Gump, Gump, Gump, Gump, Gump. Were we shocked at the big winner at the Academy Awards Monday night? Of course not.
The guests weren't very surprising, either. Nearly everyone was well-behaved. Some of the stars even combed their hair this year. For once, the presentation patter was slightly less than awful. Were there no highlights or disasters?
Of course there were. Maybe you're still annoyed at some of the choices made at the Oscar ceremonies, but you can be assured that these unofficial awards are well-deserved:
Most optimistic joke: "We should all be home in about half an hour." -- David Letterman in his monologue introducing the 3 1/2 -hour show.
Best pre-game recovery: "Sally Field is walking past . . . No -- she likes me, she really likes me!" -- Joan Rivers, when Sally Field stopped to talk with her.

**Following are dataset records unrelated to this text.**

(* Let $N$ be an $n$-dimensional hypersurface isometrically immersed in Euclidean space $\mathbb R^{n+1}$. Then $N$ is $\Phi$-SSU with respect to this immersion if and only if at every point, for a suitable choice of unit normal, its principal curvatures satisfy $0<\lambda_1\le\lambda_2\le\cdots\le\lambda_n<\frac13(\lambda_1+\cdots+\lambda_{n-1})$.
   Context: For an isometric immersion of a Riemannian $n$-manifold $N$ into $\mathbb R^q$ with second fundamental form $\mathsf B$, $N$ is $\Phi$-SSU with respect to this immersion if for every $y\in N$ and every unit tangent vector $\mathsf x\in T_yN$, $\sum_{\beta=1}^n\big(4|\mathsf B(\mathsf x,\mathsf e_\beta)|^2-\langle \mathsf B(\mathsf x,\mathsf x),\mathsf B(\mathsf e_\beta,\mathsf e_\beta)\rangle\big)<0$, where $\{\mathsf e_\beta\}$ is an orthonormal basis of $T_yN$. *)

From mathcomp Require Import all_boot all_order all_algebra.
From mathcomp Require Import reals.
Set Implicit Arguments. Unset Strict Implicit. Unset Printing Implicit Defensive.
Import Order.TTheory GRing.Theory Num.Theory.
Local Open Scope ring_scope.

Definition dotv (R : realType) (q : nat) (u v : 'rV[R]_q) : R := (u *m v^T) 0 0.

Definition ebasis (R : realType) (n : nat) (b : 'I_n) : 'rV[R]_n := delta_mx 0 b.

(* Phi-SSU condition at a point y, for the second fundamental form
   B : T_yN x T_yN -> R^q, with T_yN identified with R^n via an orthonormal
   frame (so the standard basis is an orthonormal basis of T_yN). *)
Definition PhiSSU_at (R : realType) (n q : nat)
  (B : 'rV[R]_n -> 'rV[R]_n -> 'rV[R]_q) : Prop :=
  forall x : 'rV[R]_n, dotv x x = 1 ->
    \sum_(b < n) (4 * dotv (B x (@ebasis R n b)) (B x (@ebasis R n b))
                  - dotv (B x x) (B (@ebasis R n b) (@ebasis R n b))) < 0.

(* Second fundamental form of a hypersurface at a point: B(x,z) = h(x,z) nu,
   where h is the scalar second fundamental form (symmetric matrix in an
   orthonormal tangent frame) w.r.t. the unit normal nu in R^(n+1). *)
Definition hyp_sff (R : realType) (n : nat) (h : 'M[R]_n) (nu : 'rV[R]_n.+1)
  (x z : 'rV[R]_n) : 'rV[R]_n.+1 := (x *m h *m z^T) 0 0 *: nu.

(* The principal curvatures (eigenvalues of the shape operator h, with
   multiplicity, i.e. roots of its characteristic polynomial), listed in
   nondecreasing order lam_1 <= ... <= lam_m, satisfy
   0 < lam_1 and lam_m < (lam_1 + ... + lam_(m-1))/3. *)
Definition pc_condition (R : realType) (n : nat) (h : 'M[R]_n.+1) : Prop :=
  exists lam : 'I_n.+1 -> R,
    char_poly h = \prod_(i < n.+1) ('X - (lam i)%:P) /\
    (forall i j : 'I_n.+1, (i <= j)%N -> lam i <= lam j) /\
    0 < lam ord0 /\
    lam ord_max < (\sum_(i < n.+1 | i != ord_max) lam i) / 3.

From mathcomp Require Import all_boot all_order all_algebra.
From mathcomp Require Import reals.
From mathcomp Require Import complex sesquilinear spectral ring lra.
Set Implicit Arguments. Unset Strict Implicit. Unset Printing Implicit Defensive.
Import Order.TTheory GRing.Theory Num.Theory.
Local Open Scope ring_scope.

(* Since B(x, z) = h(x, z) nu with |nu| = 1, the SSU sum at a unit vector x
   is Phi(x) = 4 |x h|^2 - h(x, x) tr h.  Diagonalising the symmetric h in an
   orthonormal eigenbasis with eigenvalues lam_i, and writing w_i >= 0 for the
   squared coordinates of x (so sum_i w_i = 1), gives
   Phi(x) = sum_i w_i lam_i (4 lam_i - tr h).  Hence Phi < 0 on the unit sphere
   iff lam_i (4 lam_i - tr h) < 0 for every i (test on unit eigenvectors for
   the converse), i.e. iff every lam_i lies strictly between 0 and tr h / 4.
   This forces tr h <> 0; flipping the normal so that tr h > 0, it says
   exactly that all lam_i > 0 and 4 lam_max < lam_1 + ... + lam_n. *)

Lemma char_poly_conj (F : fieldType) m (Q P D : 'M[F]_m) :
  Q *m P = 1%:M -> char_poly (Q *m D *m P) = char_poly D.
Proof.
move=> QP; rewrite /char_poly /char_poly_mx.
have EX : ('X%:M : 'M[{poly F}]_m) = map_mx polyC Q *m 'X%:M *m map_mx polyC P.
  by rewrite -mulmxA -scalar_mxC mulmxA -map_mxM QP map_mx1 mul1mx.
rewrite {1}EX !map_mxM -mulmxBl -mulmxBr !det_mulmx mulrAC -det_mulmx -map_mxM QP.
by rewrite map_mx1 det1 mul1r.
Qed.

Lemma big_codom (T U : Type) (idx : T) (op : Monoid.com_law idx) (I : finType)
    (F : U -> T) (a : I -> U) :
  \big[op/idx]_(x <- codom a) F x = \big[op/idx]_i F (a i).
Proof. by rewrite big_image. Qed.

Lemma codom_nth (T : Type) (x0 : T) m (s : seq T) :
  size s = m -> codom (fun i : 'I_m => nth x0 s i) = s.
Proof.
by move=> <-; rewrite codomE -[RHS](mkseq_nth x0) /mkseq -val_enum_ord -map_comp.
Qed.

Lemma perm_codom_prod_XsubC (F : fieldType) (I : finType) (a b : I -> F) :
  \prod_i ('X - (a i)%:P) = \prod_i ('X - (b i)%:P) -> perm_eq (codom a) (codom b).
Proof. by move=> ab; apply: prod_XsubC_eq; rewrite !big_image. Qed.

Lemma weighted_sum_lt0 (F : realDomainType) (I : finType) (w c : I -> F) :
  (forall i, 0 <= w i) -> (forall i, c i < 0) -> \sum_i w i = 1 ->
  \sum_i w i * c i < 0.
Proof.
move=> w_ge0 c_lt0 w1.
have [k /andP[_ wk_gt0]] : exists k, true && (0 < w k).
  apply: psumr_neq0P => [i _|]; first exact: w_ge0.
  by rewrite w1; apply/eqP/oner_neq0.
have rest_le0 : \sum_(i | i != k) w i * c i <= 0.
  by apply: sumr_le0 => i _; exact: mulr_ge0_le0 (w_ge0 i) (ltW (c_lt0 i)).
have := c_lt0 k; rewrite (bigD1 k) //=; nra.
Qed.

Lemma mulmx_trmx_gt0 (F : realDomainType) m (v : 'rV[F]_m) :
  v != 0 -> 0 < (v *m v^T) 0 0.
Proof.
move=> v0; have -> : (v *m v^T) 0 0 = \sum_j v 0 j ^+ 2.
  by rewrite mxE; apply: eq_bigr => j _; rewrite !mxE expr2.
rewrite lt_def sumr_ge0 ?andbT => [|j _]; last exact: sqr_ge0.
apply: contra v0 => /eqP /(psumr_eq0P (fun j _ => sqr_ge0 (v 0 j))) v2_0.
by apply/eqP/rowP => j; apply/eqP; rewrite mxE -sqrf_eq0 v2_0.
Qed.

Lemma unit_eigenvector (F : rcfType) m (A : 'M[F]_m) a :
  eigenvalue A a -> exists x : 'rV_m, (x *m x^T) 0 0 = 1 /\ x *m A = a *: x.
Proof.
case/eigenvalueP => v vA /mulmx_trmx_gt0 v_gt0.
exists ((Num.sqrt ((v *m v^T) 0 0))^-1 *: v); split.
  rewrite -scalemxAl linearZ /= -scalemxAr scalerA -expr2 exprVn sqr_sqrtr ?ltW //.
  by rewrite [LHS]mxE mulVf ?gt_eqF.
by rewrite -scalemxAl vA scalerA mulrC -scalerA.
Qed.

Definition phi_form (F : comNzRingType) m (A : 'M[F]_m) (x : 'rV[F]_m) : F :=
  4 * (x *m (A *m A) *m x^T) 0 0 - (x *m A *m x^T) 0 0 * \tr A.

Lemma phi_form_eigenvector (F : comNzRingType) m (A : 'M[F]_m) x a :
  x *m A = a *: x -> phi_form A x = (x *m x^T) 0 0 * (a * (4 * a - \tr A)).
Proof.
move=> xA; rewrite /phi_form mulmxA xA -scalemxAl xA scalerA -!scalemxAl.
by rewrite ![((_ *: _ : 'M[F]_1) 0 0)]mxE; ring.
Qed.

Section RealSpectral.
Variable R : rcfType.
Local Notation C := R[i].
Local Notation toC := (real_complex R).
Local Open Scope sesquilinear_scope.

(* The spectral theorem of [spectral] is stated over a numClosedFieldType, so
   a real symmetric matrix is diagonalised over R[i]: the rows of the unitary
   P form an orthonormal eigenbasis and d lists the (real) eigenvalues. *)
Definition is_spectral_decomp m (A : 'M[R]_m) (P : 'M[C]_m) (d : 'I_m -> R) :=
  P \is unitarymx /\ map_mx toC A = P^t* *m diag_mx (\row_i (d i)%:C%C) *m P.

Lemma sym_spectral_decomp m (A : 'M[R]_m) :
  A^T = A -> exists P d, is_spectral_decomp A P d.
Proof.
move=> sA; set AC := map_mx toC A.
have AC_herm : AC \is hermsymmx.
  apply: realsym_hermsym.
    by apply/is_hermitianmxP; rewrite expr0 scale1r map_mx_id // /AC map_trmx sA.
  by apply/mxOverP => i j; rewrite mxE; apply/complex_realP; exists (A i j).
have PU := spectral_unitarymx AC.
exists (spectralmx AC), (fun i => complex.Re (spectral_diag AC 0 i)); split => //.
have /orthomx_spectralP E := hermitian_normalmx AC_herm.
rewrite -invmx_unitary // [LHS]E; congr (_ *m diag_mx _ *m _).
apply/rowP => i; rewrite mxE RRe_real //.
exact: (mxOverP (hermitian_spectral_diag_real AC_herm)).
Qed.

Definition spectral_weight m (P : 'M[C]_m) (x : 'rV[R]_m) (i : 'I_m) : R :=
  let z := (map_mx toC x *m P^t*) 0 i in complex.Re z ^+ 2 + complex.Im z ^+ 2.

Lemma spectral_weight_ge0 m P x i : 0 <= @spectral_weight m P x i.
Proof. by rewrite addr_ge0 ?sqr_ge0. Qed.

Section Decomp.
Variables (m : nat) (A : 'M[R]_m) (P : 'M[C]_m) (d : 'I_m -> R).
Hypothesis hPd : is_spectral_decomp A P d.

Lemma spectral_decompZ (s : R) :
  is_spectral_decomp (s *: A) P (fun i => s * d i).
Proof.
case: hPd => PU E; split => //.
rewrite map_mxZ E scalemxAl scalemxAr; congr (_ *m _ *m _).
by apply/matrixP => i j; rewrite !mxE rmorphM mulrnAr.
Qed.

Lemma spectral_decomp_sqr :
  is_spectral_decomp (A *m A) P (fun i => d i * d i).
Proof.
case: hPd => PU E; split => //.
rewrite map_mxM E -!mulmxA; congr (_ *m _).
rewrite !mulmxA mulmxtVK // mulmx_diag; congr (diag_mx _ *m _).
by apply/rowP => i; rewrite !mxE rmorphM.
Qed.

Lemma spectral_decomp1 : is_spectral_decomp 1%:M P (fun=> 1).
Proof.
case: hPd => PU _; split => //.
rewrite map_mx1 (_ : \row_i _ = const_mx 1); last by apply/rowP => i; rewrite !mxE.
by rewrite diag_const_mx mulmx1 -[P^t*]mul1mx mulmxKtV.
Qed.

Lemma char_poly_spectral : char_poly A = \prod_i ('X - (d i)%:P).
Proof.
case: hPd => PU E; apply: (@map_poly_inj _ _ toC).
rewrite map_char_poly E char_poly_conj; last by rewrite -[P^t*]mul1mx mulmxKtV.
rewrite char_poly_trig ?diag_mx_is_trig // rmorph_prod; apply: eq_bigr => i _.
by rewrite rmorphB /= map_polyX map_polyC /= !mxE eqxx mulr1n.
Qed.

Lemma mxtrace_spectral : \tr A = \sum_i d i.
Proof.
case: hPd => PU E; apply: (@complexI R).
rewrite -trace_map_mx E mxtrace_mulC mulmxA (unitarymxP PU) mul1mx.
rewrite mxtrace_diag rmorph_sum.
by apply: eq_bigr => i _; rewrite mxE.
Qed.

Lemma eigenvalue_spectral i : eigenvalue A (d i).
Proof.
rewrite eigenvalue_root_char char_poly_spectral.
by rewrite -(big_codom _ (fun x => 'X - x%:P)) root_prod_XsubC codom_f.
Qed.

Lemma quad_form_spectral (x : 'rV[R]_m) :
  (x *m A *m x^T) 0 0 = \sum_i d i * spectral_weight P x i.
Proof.
case: hPd => PU E; apply: (@complexI R).
have xT_conj : (map_mx toC x)^T = (map_mx toC x)^t*.
  by apply/matrixP => i j; rewrite !mxE; exact/esym/conjc_real.
have -> : toC ((x *m A *m x^T) 0 0) =
    (map_mx toC x *m map_mx toC A *m (map_mx toC x)^T) 0 0.
  by rewrite map_trmx -!map_mxM [RHS]mxE.
rewrite E xT_conj !mulmxA -[_ *m P *m _]mulmxA.
rewrite -[P *m _]trmxCK trmx_mul map_mxM trmxCK /spectral_weight.
set y := map_mx toC x *m P^t*; clearbody y.
rewrite mul_mx_diag mxE rmorph_sum; apply: eq_bigr => i _.
by rewrite !mxE mulrAC -sqr_normc -add_Re2_Im2 mulrC -rmorphM.
Qed.

End Decomp.

Lemma phi_form_spectral m (A : 'M[R]_m) P d x : is_spectral_decomp A P d ->
  phi_form A x = \sum_i spectral_weight P x i * (d i * (4 * d i - \tr A)).
Proof.
move=> hPd; rewrite /phi_form (quad_form_spectral (spectral_decomp_sqr hPd)).
rewrite (quad_form_spectral hPd) mulr_sumr mulr_suml -sumrB.
by apply: eq_bigr => i _; ring.
Qed.

Lemma phi_form_lt0_spectral m (A : 'M[R]_m) P d : is_spectral_decomp A P d ->
  (forall x, (x *m x^T) 0 0 = 1 -> phi_form A x < 0) <->
  (forall i, d i * (4 * d i - \tr A) < 0).
Proof.
move=> hPd; split => [neg i | neg x x1].
  have [x [x1 xA]] := unit_eigenvector (eigenvalue_spectral hPd i).
  by have := neg x x1; rewrite (phi_form_eigenvector xA) x1 mul1r.
rewrite (phi_form_spectral _ hPd); apply: weighted_sum_lt0 => //.
  exact: spectral_weight_ge0.
rewrite -x1 -[x in x *m _^T]mulmx1 (quad_form_spectral (spectral_decomp1 hPd)).
by apply: eq_bigr => i _; rewrite mul1r.
Qed.

End RealSpectral.

Lemma sign_flip_between (F : realFieldType) m (d : 'I_m.+1 -> F) t :
  (forall i, d i * (4 * d i - t) < 0) <->
  exists s, (s = 1 \/ s = -1) /\ forall i, 0 < s * d i /\ 4 * (s * d i) < s * t.
Proof.
split => [neg | [s [s_sign pos]] i]; last first.
  by have [sd_gt0 sd_lt] := pos i; case: s_sign => s1; subst s; nra.
have := neg ord0; have [t_lt0|t_gt0|->] := ltgtP t 0 => [_||]; last by nra.
  by exists (-1); split => [|i]; [right | have := neg i; split; nra].
by exists 1; split => [|i]; [left | have := neg i; split; nra].
Qed.

Lemma pc_conditionP (R : realType) n (A : 'M[R]_n.+1) (d : 'I_n.+1 -> R) :
  char_poly A = \prod_i ('X - (d i)%:P) ->
  pc_condition A <-> forall i, 0 < d i /\ 4 * d i < \sum_j d j.
Proof.
move=> cpA; split.
  case=> lam [cpl [mono [lam0_gt0 lam_max_lt]]] i.
  have pe : perm_eq (codom d) (codom lam).
    by apply: perm_codom_prod_XsubC; rewrite -cpA.
  have -> : \sum_j d j = \sum_j lam j by rewrite -!(big_codom _ id); exact: perm_big.
  have /codomP [j ->] : d i \in codom lam by rewrite -(perm_mem pe) codom_f.
  have := mono ord0 j isT; have := mono j ord_max (leq_ord j).
  by rewrite [\sum_j lam j](bigD1 ord_max) //=; split; lra.
move=> pos; set s := sort <=%R (codom d).
have ps : perm_eq s (codom d) by rewrite perm_sort.
have ss : size s = n.+1 by rewrite (perm_size ps) size_codom card_ord.
have s_d (i : 'I_n.+1) : exists j, nth 0 s i = d j.
  by apply/codomP; rewrite -(perm_mem ps) mem_nth ?ss.
have sum_s : \sum_j d j = \sum_(i < n.+1) nth 0 s i.
  rewrite -(big_codom _ id d) -(big_codom _ id) codom_nth //.
  by apply/perm_big; rewrite perm_sym.
exists (fun i => nth 0 s i); split; [|split; [|split]].
- rewrite cpA -!(big_codom _ (fun x => 'X - x%:P)) codom_nth //.
  by apply/perm_big; rewrite perm_sym.
- move=> i j ij; apply: le_sorted_leq_nth; rewrite ?inE ?ss //.
  exact: sort_sorted le_total _.
- by have [j ->] := s_d ord0; case: (pos j).
- have [j dj] := s_d ord_max; have := (pos j).2.
  by rewrite sum_s (bigD1 ord_max) //= dj; lra.
Qed.

Section PhiSSU.
Variable R : realType.

Lemma dotvZ q (a b : R) (u v : 'rV[R]_q) :
  dotv (a *: u) (b *: v) = a * b * dotv u v.
Proof. by rewrite /dotv linearZ /= -scalemxAl -scalemxAr !mxE mulrA. Qed.

Lemma mulmx_ebasis_tr m p (M : 'M[R]_(p, m)) i b :
  (M *m (ebasis R b)^T) i 0 = M i b.
Proof. by rewrite /ebasis trmx_delta -colE mxE. Qed.

Lemma ebasis_quad m (h : 'M[R]_m) b :
  (ebasis R b *m h *m (ebasis R b)^T) 0 0 = h b b.
Proof. by rewrite mulmx_ebasis_tr /ebasis -rowE mxE. Qed.

Lemma PhiSSU_sum_hyp_sff m (h : 'M[R]_m) (nu : 'rV[R]_m.+1) (x : 'rV[R]_m) :
  h^T = h -> dotv nu nu = 1 ->
  \sum_(b < m) (4 * dotv (hyp_sff h nu x (ebasis R b)) (hyp_sff h nu x (ebasis R b))
                - dotv (hyp_sff h nu x x) (hyp_sff h nu (ebasis R b) (ebasis R b)))
  = phi_form h x.
Proof.
move=> sh nu1; rewrite /hyp_sff /phi_form.
under eq_bigr do rewrite !dotvZ nu1 !mulr1 ebasis_quad !mulmx_ebasis_tr.
rewrite sumrB -!mulr_sumr.
suff -> : (x *m (h *m h) *m x^T) 0 0 = \sum_i (x *m h) 0 i * (x *m h) 0 i by [].
rewrite mulmxA -[x *m h *m h *m x^T]mulmxA -[h *m x^T]trmxK trmx_mul trmxK sh.
rewrite mxE.
by apply: eq_bigr => b _; rewrite [(x *m h)^T _ _]mxE.
Qed.

Lemma PhiSSU_hyp_sffE m (h : 'M[R]_m) (nu : 'rV[R]_m.+1) :
  h^T = h -> dotv nu nu = 1 ->
  PhiSSU_at (hyp_sff h nu) <-> forall x, dotv x x = 1 -> phi_form h x < 0.
Proof. by move=> sh nu1; split => neg x /neg; rewrite PhiSSU_sum_hyp_sff. Qed.

Lemma PhiSSU_hyp_sff_pc n (h : 'M[R]_n.+1) (nu : 'rV[R]_n.+2) :
  h^T = h -> dotv nu nu = 1 ->
  PhiSSU_at (hyp_sff h nu) <->
  exists s : R, (s = 1 \/ s = -1) /\ pc_condition (s *: h).
Proof.
move=> sh nu1; have [P [d hPd]] := sym_spectral_decomp sh.
have pcZ s : pc_condition (s *: h) <->
    forall i, 0 < s * d i /\ 4 * (s * d i) < s * \tr h.
  rewrite (mxtrace_spectral hPd) mulr_sumr.
  exact: pc_conditionP (char_poly_spectral (spectral_decompZ hPd s)).
apply: (iff_trans (PhiSSU_hyp_sffE sh nu1)).
apply: (iff_trans (phi_form_lt0_spectral hPd)).
apply: (iff_trans (sign_flip_between d _)).
by split => -[s [s_sign spec]]; exists s; split => //; apply/pcZ.
Qed.

End PhiSSU.

Theorem theorem5p1 (R : realType) (n : nat) (N : Type)
  (h : N -> 'M[R]_n.+1) (nu : N -> 'rV[R]_n.+2) :
  (forall y, (h y)^T = h y) ->
  (forall y, dotv (nu y) (nu y) = 1) ->
  ((forall y, PhiSSU_at (hyp_sff (h y) (nu y))) <->
   (forall y, exists s : R, (s = 1 \/ s = -1) /\ pc_condition (s *: h y))).
Proof.
move=> sh nu1.
by split => ssu y; apply/(PhiSSU_hyp_sff_pc (sh y) (nu1 y)); apply: ssu.
Qed.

Most modest: Hugh Grant, dapper star of best-picture-nominated "Four Weddings and a Funeral," who said before the ceremonies: "I always thought it was a good script, but I was confident I could screw it up."
Most dour presenters: Al Pacino and Robert De Niro, whose lackluster best picture presentation was rivaled in charisma only by Cher's exquisitely bored reading of the nominees in 1988.
Star least in need of a diet: Jennifer Tilly of "Bullets Over Broadway," in a revealing dress, who said on arrival, "I haven't eaten anything for a couple of weeks."
Worst slip-up: Paul Newman's failure to announce four of the five nominees for best cinematography. (Honorable mention: the misspelling of composer Jule Styne's name in the memorial pastiche.)
Most pretentious fake-beatnik sunglasses: Worn by geek-chic "Pulp Fiction" director Quentin Tarantino, also sporting a narrow tie in the style of his "Reservoir Dogs."
Best speech: Hans Zimmer, winner for best score, who nervously ripped through his remarks and wrapped with, "Just let me go!"
Speech most likely to offend: Roger Avary's. The co-writer of "Pulp Fiction" cut his talk short because, he announced to the posh audience and a billion television viewers worldwide, he had "to pee."
Best moment in a really lame production number: When Tim Curry rolled his eyes at the image of himself as a transvestite in "The Rocky Horror Picture Show" during an unfunny homage to comedy.
Actress who looked most like a meringue: Sharon Stone, wearing a puffy, silvery dress. (Honorable mention: Oprah Winfrey.)
Best entrance: Jamie Lee Curtis, lowered onto the stage while dangling from a fake helicopter, a la "True Lies."
The vanity prize (vanity, thy name is girl): Young Oscar-winner Anna Paquin, of "The Piano," looking at herself in the monitor and fixing her hair while talking to Joan Rivers.
Best put-down: "Would it kill you to have worn a tie?" -- Host David Letterman to best-actor winner Tom Hanks, whom he had pulled on stage to help with a stupid pet trick.